(DATA FOR THIS TASK)

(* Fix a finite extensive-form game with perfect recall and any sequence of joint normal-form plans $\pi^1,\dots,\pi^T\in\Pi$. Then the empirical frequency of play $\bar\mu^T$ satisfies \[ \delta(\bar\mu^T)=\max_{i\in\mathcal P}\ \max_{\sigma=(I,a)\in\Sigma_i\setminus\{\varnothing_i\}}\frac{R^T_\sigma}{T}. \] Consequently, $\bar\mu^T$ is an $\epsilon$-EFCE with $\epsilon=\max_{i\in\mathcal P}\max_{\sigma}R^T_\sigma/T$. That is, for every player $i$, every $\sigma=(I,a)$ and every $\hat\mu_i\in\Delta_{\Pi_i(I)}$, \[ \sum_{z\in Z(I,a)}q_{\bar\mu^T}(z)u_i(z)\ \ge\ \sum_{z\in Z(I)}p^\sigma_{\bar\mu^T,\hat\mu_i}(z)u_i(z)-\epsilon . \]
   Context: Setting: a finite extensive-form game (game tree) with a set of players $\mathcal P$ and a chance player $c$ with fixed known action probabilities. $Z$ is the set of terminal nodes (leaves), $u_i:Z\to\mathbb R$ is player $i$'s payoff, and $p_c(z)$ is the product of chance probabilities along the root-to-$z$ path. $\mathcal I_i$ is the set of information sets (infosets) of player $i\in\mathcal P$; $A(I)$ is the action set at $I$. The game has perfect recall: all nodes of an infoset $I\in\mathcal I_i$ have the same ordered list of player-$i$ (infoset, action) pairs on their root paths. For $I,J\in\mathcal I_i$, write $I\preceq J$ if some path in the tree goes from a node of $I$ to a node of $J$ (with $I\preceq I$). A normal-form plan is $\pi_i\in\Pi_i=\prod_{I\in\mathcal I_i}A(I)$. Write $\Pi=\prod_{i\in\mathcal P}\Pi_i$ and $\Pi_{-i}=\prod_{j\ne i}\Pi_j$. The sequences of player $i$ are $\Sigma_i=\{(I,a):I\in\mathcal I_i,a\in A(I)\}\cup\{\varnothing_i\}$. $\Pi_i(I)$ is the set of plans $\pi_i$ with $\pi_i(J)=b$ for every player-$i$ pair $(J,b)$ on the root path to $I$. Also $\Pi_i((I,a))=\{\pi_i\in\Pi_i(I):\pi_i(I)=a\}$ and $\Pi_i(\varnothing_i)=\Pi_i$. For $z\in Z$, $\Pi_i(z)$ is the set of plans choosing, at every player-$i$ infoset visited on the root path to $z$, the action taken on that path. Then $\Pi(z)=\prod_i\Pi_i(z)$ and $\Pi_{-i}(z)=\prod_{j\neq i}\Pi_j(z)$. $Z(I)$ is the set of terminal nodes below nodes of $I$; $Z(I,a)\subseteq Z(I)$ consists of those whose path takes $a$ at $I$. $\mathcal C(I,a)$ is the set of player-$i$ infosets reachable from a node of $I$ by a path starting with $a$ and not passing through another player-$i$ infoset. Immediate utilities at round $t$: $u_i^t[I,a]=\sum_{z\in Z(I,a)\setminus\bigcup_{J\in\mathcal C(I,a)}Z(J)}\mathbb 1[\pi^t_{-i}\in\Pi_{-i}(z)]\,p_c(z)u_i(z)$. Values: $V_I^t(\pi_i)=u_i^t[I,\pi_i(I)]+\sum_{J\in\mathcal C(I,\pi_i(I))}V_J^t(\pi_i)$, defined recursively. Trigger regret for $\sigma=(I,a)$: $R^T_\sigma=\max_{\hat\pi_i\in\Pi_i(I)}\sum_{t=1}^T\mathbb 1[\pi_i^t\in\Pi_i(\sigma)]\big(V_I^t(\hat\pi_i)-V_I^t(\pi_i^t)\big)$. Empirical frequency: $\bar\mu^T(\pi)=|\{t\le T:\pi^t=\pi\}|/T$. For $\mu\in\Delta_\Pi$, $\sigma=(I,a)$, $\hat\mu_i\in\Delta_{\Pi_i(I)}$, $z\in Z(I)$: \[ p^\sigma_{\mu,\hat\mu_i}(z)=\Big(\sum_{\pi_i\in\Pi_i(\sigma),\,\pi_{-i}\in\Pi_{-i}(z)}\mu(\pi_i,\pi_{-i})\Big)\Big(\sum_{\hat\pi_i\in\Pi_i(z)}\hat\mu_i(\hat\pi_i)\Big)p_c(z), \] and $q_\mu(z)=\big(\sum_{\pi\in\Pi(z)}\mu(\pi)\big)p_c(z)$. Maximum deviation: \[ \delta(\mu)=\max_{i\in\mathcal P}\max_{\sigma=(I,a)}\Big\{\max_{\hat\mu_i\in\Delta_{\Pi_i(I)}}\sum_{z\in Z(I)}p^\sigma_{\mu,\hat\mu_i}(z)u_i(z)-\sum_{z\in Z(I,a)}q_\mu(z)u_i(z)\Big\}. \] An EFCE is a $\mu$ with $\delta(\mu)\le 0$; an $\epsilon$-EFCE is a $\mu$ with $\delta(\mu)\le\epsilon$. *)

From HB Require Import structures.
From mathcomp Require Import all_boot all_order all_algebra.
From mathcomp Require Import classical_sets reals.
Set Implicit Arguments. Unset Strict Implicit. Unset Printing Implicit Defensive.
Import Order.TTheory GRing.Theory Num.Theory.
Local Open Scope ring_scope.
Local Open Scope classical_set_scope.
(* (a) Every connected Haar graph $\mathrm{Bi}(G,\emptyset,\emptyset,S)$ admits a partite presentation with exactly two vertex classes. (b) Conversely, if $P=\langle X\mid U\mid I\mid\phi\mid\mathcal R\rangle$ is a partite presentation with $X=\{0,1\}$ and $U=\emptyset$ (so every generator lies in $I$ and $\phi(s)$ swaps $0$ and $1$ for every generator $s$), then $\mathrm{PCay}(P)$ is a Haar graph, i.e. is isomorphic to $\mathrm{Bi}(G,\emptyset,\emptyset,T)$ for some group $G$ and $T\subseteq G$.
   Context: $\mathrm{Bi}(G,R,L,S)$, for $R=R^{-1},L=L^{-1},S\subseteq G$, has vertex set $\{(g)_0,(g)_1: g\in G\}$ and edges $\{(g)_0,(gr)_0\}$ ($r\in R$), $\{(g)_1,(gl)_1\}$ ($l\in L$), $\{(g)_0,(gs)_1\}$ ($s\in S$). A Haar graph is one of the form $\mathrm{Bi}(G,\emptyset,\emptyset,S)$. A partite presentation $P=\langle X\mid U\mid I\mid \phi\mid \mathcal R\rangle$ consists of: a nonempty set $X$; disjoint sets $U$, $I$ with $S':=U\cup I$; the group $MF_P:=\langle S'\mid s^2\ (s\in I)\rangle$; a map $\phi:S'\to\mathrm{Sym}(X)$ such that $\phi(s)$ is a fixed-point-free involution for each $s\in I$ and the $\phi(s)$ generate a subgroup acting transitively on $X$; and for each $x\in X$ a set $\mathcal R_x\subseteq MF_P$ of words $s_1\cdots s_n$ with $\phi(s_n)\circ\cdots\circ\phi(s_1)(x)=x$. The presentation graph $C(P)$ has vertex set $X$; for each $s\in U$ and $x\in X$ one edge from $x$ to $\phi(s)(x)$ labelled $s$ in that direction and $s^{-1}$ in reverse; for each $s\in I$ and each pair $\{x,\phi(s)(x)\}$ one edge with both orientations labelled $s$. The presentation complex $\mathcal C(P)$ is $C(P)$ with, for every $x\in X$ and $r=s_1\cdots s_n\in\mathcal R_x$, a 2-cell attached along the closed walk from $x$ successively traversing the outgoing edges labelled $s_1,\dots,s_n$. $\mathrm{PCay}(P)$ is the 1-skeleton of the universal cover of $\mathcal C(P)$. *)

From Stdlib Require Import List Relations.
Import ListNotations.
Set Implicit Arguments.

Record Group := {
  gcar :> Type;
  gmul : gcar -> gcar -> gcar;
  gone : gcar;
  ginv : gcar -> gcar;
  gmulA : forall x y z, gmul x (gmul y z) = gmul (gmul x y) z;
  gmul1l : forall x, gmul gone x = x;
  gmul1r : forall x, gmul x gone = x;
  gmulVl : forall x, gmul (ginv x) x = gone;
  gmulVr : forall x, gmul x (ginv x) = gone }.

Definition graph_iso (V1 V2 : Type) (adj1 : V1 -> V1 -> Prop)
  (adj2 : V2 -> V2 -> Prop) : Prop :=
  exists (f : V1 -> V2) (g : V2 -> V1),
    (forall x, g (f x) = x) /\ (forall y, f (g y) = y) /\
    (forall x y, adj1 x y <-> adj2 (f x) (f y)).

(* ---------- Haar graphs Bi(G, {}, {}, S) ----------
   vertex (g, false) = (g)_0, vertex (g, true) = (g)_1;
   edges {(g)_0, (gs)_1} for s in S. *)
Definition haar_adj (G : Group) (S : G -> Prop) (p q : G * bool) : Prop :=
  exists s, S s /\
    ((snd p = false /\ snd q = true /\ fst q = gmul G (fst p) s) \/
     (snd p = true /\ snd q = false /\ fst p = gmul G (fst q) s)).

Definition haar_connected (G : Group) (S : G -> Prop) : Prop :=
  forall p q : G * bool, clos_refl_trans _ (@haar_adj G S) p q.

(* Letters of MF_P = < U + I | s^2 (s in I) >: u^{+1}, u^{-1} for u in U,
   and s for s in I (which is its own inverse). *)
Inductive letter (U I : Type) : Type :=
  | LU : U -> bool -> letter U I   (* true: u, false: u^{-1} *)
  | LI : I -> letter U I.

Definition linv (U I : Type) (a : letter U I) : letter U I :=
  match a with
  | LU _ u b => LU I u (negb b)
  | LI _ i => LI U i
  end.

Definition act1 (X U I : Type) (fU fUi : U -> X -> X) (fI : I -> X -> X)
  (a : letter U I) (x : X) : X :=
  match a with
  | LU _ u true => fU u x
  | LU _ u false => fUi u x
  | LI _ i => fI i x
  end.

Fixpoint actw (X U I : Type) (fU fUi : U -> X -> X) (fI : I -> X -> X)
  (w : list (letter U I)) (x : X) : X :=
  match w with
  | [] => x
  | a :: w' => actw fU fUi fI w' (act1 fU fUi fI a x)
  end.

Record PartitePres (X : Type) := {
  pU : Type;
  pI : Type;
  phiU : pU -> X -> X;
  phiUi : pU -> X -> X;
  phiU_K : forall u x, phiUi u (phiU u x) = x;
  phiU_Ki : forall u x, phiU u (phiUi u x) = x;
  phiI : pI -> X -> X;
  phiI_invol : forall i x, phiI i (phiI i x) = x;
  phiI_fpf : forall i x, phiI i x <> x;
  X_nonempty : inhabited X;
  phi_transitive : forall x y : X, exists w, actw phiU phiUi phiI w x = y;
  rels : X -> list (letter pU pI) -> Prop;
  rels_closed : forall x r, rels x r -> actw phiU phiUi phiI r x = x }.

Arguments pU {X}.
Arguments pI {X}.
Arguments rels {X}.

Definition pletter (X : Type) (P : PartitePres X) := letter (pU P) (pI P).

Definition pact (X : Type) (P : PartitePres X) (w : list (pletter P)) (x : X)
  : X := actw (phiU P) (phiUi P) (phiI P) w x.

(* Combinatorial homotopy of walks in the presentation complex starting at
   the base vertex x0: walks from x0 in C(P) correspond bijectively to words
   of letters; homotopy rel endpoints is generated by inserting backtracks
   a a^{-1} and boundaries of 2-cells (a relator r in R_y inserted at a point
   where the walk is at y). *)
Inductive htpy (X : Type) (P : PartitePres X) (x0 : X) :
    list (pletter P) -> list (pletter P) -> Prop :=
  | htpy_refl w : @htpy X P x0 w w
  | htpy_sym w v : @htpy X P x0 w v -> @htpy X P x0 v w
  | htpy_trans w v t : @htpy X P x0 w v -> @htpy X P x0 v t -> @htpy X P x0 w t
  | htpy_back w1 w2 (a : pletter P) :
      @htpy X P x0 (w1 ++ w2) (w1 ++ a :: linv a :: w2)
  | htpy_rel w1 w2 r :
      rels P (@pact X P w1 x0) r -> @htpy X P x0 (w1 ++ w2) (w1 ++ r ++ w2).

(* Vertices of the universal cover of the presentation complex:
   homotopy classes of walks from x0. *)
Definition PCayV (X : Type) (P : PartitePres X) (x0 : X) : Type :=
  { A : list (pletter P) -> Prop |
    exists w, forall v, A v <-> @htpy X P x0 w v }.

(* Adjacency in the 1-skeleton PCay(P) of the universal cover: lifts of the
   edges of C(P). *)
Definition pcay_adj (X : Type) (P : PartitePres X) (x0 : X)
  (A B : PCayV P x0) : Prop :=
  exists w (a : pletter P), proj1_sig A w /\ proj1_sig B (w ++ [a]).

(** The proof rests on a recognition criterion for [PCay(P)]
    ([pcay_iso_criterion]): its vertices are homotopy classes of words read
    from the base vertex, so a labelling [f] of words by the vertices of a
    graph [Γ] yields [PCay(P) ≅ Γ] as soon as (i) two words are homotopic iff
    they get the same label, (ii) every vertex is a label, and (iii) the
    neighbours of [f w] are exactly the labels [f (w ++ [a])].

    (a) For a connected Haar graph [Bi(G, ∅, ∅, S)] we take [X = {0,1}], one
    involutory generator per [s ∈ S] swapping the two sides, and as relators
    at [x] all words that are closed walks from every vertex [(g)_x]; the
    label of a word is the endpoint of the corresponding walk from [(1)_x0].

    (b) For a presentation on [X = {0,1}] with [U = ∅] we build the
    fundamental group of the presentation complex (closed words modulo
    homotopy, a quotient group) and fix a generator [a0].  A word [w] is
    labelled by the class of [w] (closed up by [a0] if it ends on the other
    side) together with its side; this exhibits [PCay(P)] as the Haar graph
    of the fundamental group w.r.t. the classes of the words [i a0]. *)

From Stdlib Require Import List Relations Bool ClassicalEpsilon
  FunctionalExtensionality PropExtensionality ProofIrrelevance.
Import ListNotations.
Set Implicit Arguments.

(End DATA FOR THIS TASK)

**EXERCISE DETAILS**: Print exactly the lines of the listing above starting at the line containing "(a : letter U I) (x" and ending at the line containing "Definition PCayV (X", both included.

**SOLUTION FOR THIS PROBLEM**:
  (a : letter U I) (x : X) : X :=
  match a with
  | LU _ u true => fU u x
  | LU _ u false => fUi u x
  | LI _ i => fI i x
  end.

Fixpoint actw (X U I : Type) (fU fUi : U -> X -> X) (fI : I -> X -> X)
  (w : list (letter U I)) (x : X) : X :=
  match w with
  | [] => x
  | a :: w' => actw fU fUi fI w' (act1 fU fUi fI a x)
  end.

Record PartitePres (X : Type) := {
  pU : Type;
  pI : Type;
  phiU : pU -> X -> X;
  phiUi : pU -> X -> X;
  phiU_K : forall u x, phiUi u (phiU u x) = x;
  phiU_Ki : forall u x, phiU u (phiUi u x) = x;
  phiI : pI -> X -> X;
  phiI_invol : forall i x, phiI i (phiI i x) = x;
  phiI_fpf : forall i x, phiI i x <> x;
  X_nonempty : inhabited X;
  phi_transitive : forall x y : X, exists w, actw phiU phiUi phiI w x = y;
  rels : X -> list (letter pU pI) -> Prop;
  rels_closed : forall x r, rels x r -> actw phiU phiUi phiI r x = x }.

Arguments pU {X}.
Arguments pI {X}.
Arguments rels {X}.

Definition pletter (X : Type) (P : PartitePres X) := letter (pU P) (pI P).

Definition pact (X : Type) (P : PartitePres X) (w : list (pletter P)) (x : X)
  : X := actw (phiU P) (phiUi P) (phiI P) w x.

(* Combinatorial homotopy of walks in the presentation complex starting at
   the base vertex x0: walks from x0 in C(P) correspond bijectively to words
   of letters; homotopy rel endpoints is generated by inserting backtracks
   a a^{-1} and boundaries of 2-cells (a relator r in R_y inserted at a point
   where the walk is at y). *)
Inductive htpy (X : Type) (P : PartitePres X) (x0 : X) :
    list (pletter P) -> list (pletter P) -> Prop :=
  | htpy_refl w : @htpy X P x0 w w
  | htpy_sym w v : @htpy X P x0 w v -> @htpy X P x0 v w
  | htpy_trans w v t : @htpy X P x0 w v -> @htpy X P x0 v t -> @htpy X P x0 w t
  | htpy_back w1 w2 (a : pletter P) :
      @htpy X P x0 (w1 ++ w2) (w1 ++ a :: linv a :: w2)
  | htpy_rel w1 w2 r :
      rels P (@pact X P w1 x0) r -> @htpy X P x0 (w1 ++ w2) (w1 ++ r ++ w2).

(* Vertices of the universal cover of the presentation complex:
   homotopy classes of walks from x0. *)
Definition PCayV (X : Type) (P : PartitePres X) (x0 : X) : Type :=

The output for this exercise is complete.